It is a top view of an electronic component mounting apparatus. It is a side view of a component supply unit. It is an enlarged view of a cover tape peeling mechanism. It is XX sectional drawing of FIG. It is a top view of a component supply unit. It is a partial cross section top view of a component supply unit. It is a partial side view of the feed mechanism of a component supply unit. It is AA sectional drawing of FIG. It is a control block diagram of an electronic component mounting apparatus. It is a timing chart figure in case the servo-off is carried out by time-up after completion of the feeding operation of lane A. FIG. 6 is a timing chart when the lane A servo signal is servo-off by the lane B feed signal input after the lane A feed operation is completed. It is a figure which shows a flowchart. It is a figure which shows the flowchart following the flowchart of FIG.

  Hereinafter, an electronic component mounting apparatus including a component supply apparatus and an electronic component mounting apparatus main body will be described with reference to the accompanying drawings. This electronic component mounting apparatus is a so-called multifunctional chip mounter, and various electronic components can be mounted on the printed circuit board P.

  FIG. 1 is a plan view of an electronic component mounting apparatus. An electronic component mounting apparatus main body 1 includes a machine base 2, a conveyor unit 3 extending in the left-right direction at the center of the machine base 2, and a front of the machine base 2. Two sets of component mounting portions 4 and 4 and two sets of component supply portions 5 and 5 are provided respectively at a portion (lower side in the drawing) and a rear portion (upper side in the drawing). The component supply unit 5 includes a plurality of component supply units 6, which are electronic component supply devices, which are detachably incorporated to form an electronic component mounting device.

  The conveyor unit 3 includes a central set table 8, a left supply conveyor 9, and a right discharge conveyor 10. The printed circuit board P is supplied from the supply conveyor 9 to the set table 8, and is fixedly set at a predetermined height so as to receive mounting of electronic components on the set table 8. And the board | substrate P by which mounting | wearing of the electronic component was completed is discharged | emitted to a downstream apparatus via the discharge conveyor 10 from the set table 8. FIG.

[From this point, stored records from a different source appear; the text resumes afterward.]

Lemma aut0_conj_preserving S L f : S \subset L -> down_closed e L -> up_closed_in S L ->
  one_component_off_star S L -> aut0 e f -> conj_preserving e S L f.
Proof.
move=> SL L_down S_up S_conn; elim=> {f} [|f g af fS eg].
  exact: conj_preserving_id.
apply: conj_preserving_comp => //; first exact: aut0_adj_commute.
  exact: aut0_kills.
exact: elem_aut_conj_preserving.
Qed.

End ElementaryAutomorphisms.

Section MinimalSIL.
Variables (T : finType) (e : rel T).
Hypotheses (e_sym : symmetric e) (e_irr : irreflexive e)
  (hab : forall u : T, abelian_class e u).
Local Notation vle := (vle e).
Local Notation lk := (lk e).
Local Notation st := (st e).
Local Notation vclass := (vclass e).
Local Notation SIL := (SIL e).
Local Notation erestr := (erestr e).
Local Notation GammaS := (GammaS e).
Local Notation GammaLeS := (GammaLeS e).

Lemma connect_erestr_notin X a b : connect (erestr X) a b -> a \notin X -> b \notin X.
Proof.
move=> ab aX; apply: (connect_invariant (P := fun c => c \notin X) aX _ ab).
by move=> c d _ /and3P [].
Qed.

Lemma in_vclass x u : (u \in vclass x) = vle x u && vle u x.
Proof. by rewrite inE. Qed.

Lemma vclass_refl x : x \in vclass x.
Proof. by rewrite in_vclass vle_refl. Qed.

Lemma vclass_adj x u : u \in vclass x -> u != x -> e x u.
Proof. by move=> ux Nux; apply: hab (vclass_refl x) ux _; rewrite eq_sym. Qed.

Lemma vle_nadj v x t : vle v x -> t != x -> ~~ e x t -> ~~ e v t.
Proof.
move=> vx Ntx Nxt; apply/negP => /(vle_st vx).
by rewrite in_st (negbTE Ntx) (negbTE Nxt).
Qed.

Lemma in_GammaS x y z u :
  (u \in GammaS x y z) = [|| u \in vclass x, u \in vclass y | u \in vclass z].
Proof. by rewrite !in_setU orbA. Qed.

Lemma in_GammaLeS x y z u : (u \in GammaLeS x y z) = [|| vle u x, vle u y | vle u z].
Proof. by rewrite inE. Qed.

Lemma GammaS_swap x y z : GammaS y x z = GammaS x y z.
Proof. by rewrite /Defs.GammaS (setUC (vclass y)). Qed.

Lemma notin_GammaS_neq x y z v : v \notin GammaS x y z -> [/\ v != x, v != y & v != z].
Proof.
rewrite in_GammaS !negb_or => /and3P [vNx vNy vNz].
by split; [move: vNx | move: vNy | move: vNz]; apply: contraNneq => ->; exact: vclass_refl.
Qed.

Lemma GammaS_sub_GammaLeS x y z : GammaS x y z \subset GammaLeS x y z.
Proof.
by apply/subsetP => u; rewrite in_GammaS in_GammaLeS !in_vclass => /or3P [] /andP [_ ->];
  rewrite ?orbT.
Qed.

Lemma GammaLeS_down_closed x y z : down_closed e (GammaLeS x y z).
Proof.
move=> u w uw; rewrite !in_GammaLeS.
by case/or3P => /(vle_trans e_sym uw) ->; rewrite ?orbT.
Qed.

Lemma SIL_sym x y z : SIL x y z -> SIL y x z.
Proof.
case=> /and3P [Nxy Nxz Nyz] /and3P [Exy Exz Eyz] Cx Cy.
by split; rewrite 1?setIC // 1?eq_sym 1?e_sym ?Nxy ?Nxz ?Nyz ?Exy ?Exz ?Eyz.
Qed.

Lemma SIL_le_third x y z v : SIL x y z -> vle v z -> v != x -> v != y -> SIL x y v.
Proof.
case=> /and3P [Nxy Nxz Nyz] /and3P [Exy Exz Eyz] Cx Cy vz Nvx Nvy.
have Evx : ~~ e v x by apply: vle_nadj vz Nxz _; rewrite e_sym.
have Evy : ~~ e v y by apply: vle_nadj vz Nyz _; rewrite e_sym.
have zL : z \notin lk x :&: lk y by rewrite !inE negb_and Exz.
have sep t : t != v -> ~~ connect (erestr (lk x :&: lk y)) z t ->
             ~~ connect (erestr (lk x :&: lk y)) v t.
  move=> Ntv; apply: contraNN => vt; have Nvt : v != t by rewrite eq_sym.
  have [c [/and3P [Evc _ cL] ct]] := connect_first vt Nvt.
  have := vle_st vz Evc; rewrite in_st => /orP [/eqP Ecz|Ezc]; first by rewrite -Ecz.
  by apply: connect_trans ct; apply: connect1; rewrite /erestr Ezc zL cL.
split; first by rewrite Nxy eq_sym Nvx eq_sym Nvy.
- by rewrite Exy (e_sym x v) Evx (e_sym y v) Evy.
- by rewrite sep // eq_sym.
- by rewrite sep // eq_sym.
Qed.

Lemma SIL_reach_not_st x y z c : SIL x y z ->
  connect (erestr (lk x :&: lk y)) z c -> c \notin st x.
Proof.
case=> _ /and3P [_ Exz _] Cx _ zc; rewrite in_st negb_or.
have Ncx : c != x by apply: contraNneq Cx => Ecx; subst c.
have cL : c \notin lk x :&: lk y.
  by apply: connect_erestr_notin zc _; rewrite !inE negb_and Exz.
rewrite Ncx /=; apply: contraNN Cx => Exc; apply: connect_rcons zc _.
by rewrite /erestr e_sym Exc cL !inE e_irr.
Qed.

Lemma SIL_reach_off_star x y z v c : SIL x y z -> vle v x -> v != z ->
  connect (erestr (lk x :&: lk y)) z c -> c \notin st v /\ connect (erestr (st v)) z c.
Proof.
move=> sil vx Nvz zc; have [/and3P [_ Nxz _] /and3P [_ Exz _] _ _] := sil.
pose P c := [/\ connect (erestr (lk x :&: lk y)) z c, c \notin st v &
                connect (erestr (st v)) z c].
suff [] : P c by [].
apply: (connect_invariant (P := P) _ _ zc).
  by split; rewrite // in_st negb_or eq_sym Nvz (vle_nadj vx) // eq_sym.
move=> a b [za aNst za'] /and3P [Eab aL bL].
have zb : connect (erestr (lk x :&: lk y)) z b.
  by apply: connect_rcons za _; rewrite /erestr Eab aL.
have bNst : b \notin st v.
  rewrite in_st negb_or; apply/andP; split.
    by apply: contraNneq aNst => Ebv; rewrite in_st -Ebv e_sym Eab orbT.
  by apply: contraNN (SIL_reach_not_st sil zb); apply: vle_st.
by split=> //; apply: connect_rcons za' _; rewrite /erestr Eab aNst.
Qed.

  Each component mounting portion 4 is provided with an XY stage 12 on which a head unit 13 is movably mounted, as well as a component recognition camera 14 and a nozzle stocker 15. The head unit 13 is equipped with two mounting heads 16 and 16 for sucking and mounting electronic components, and one substrate recognition camera 17 for recognizing the position of the printed circuit board P. Normally, the XY stages 12 and 12 of both the component mounting parts 4 and 4 are alternately operated.

  In each XY stage 12, the beam 12A is moved in the Y direction by the Y-axis motor, and the head unit 13 is moved in the X direction by the X-axis motor. As a result, the head unit 13 is moved in the XY direction.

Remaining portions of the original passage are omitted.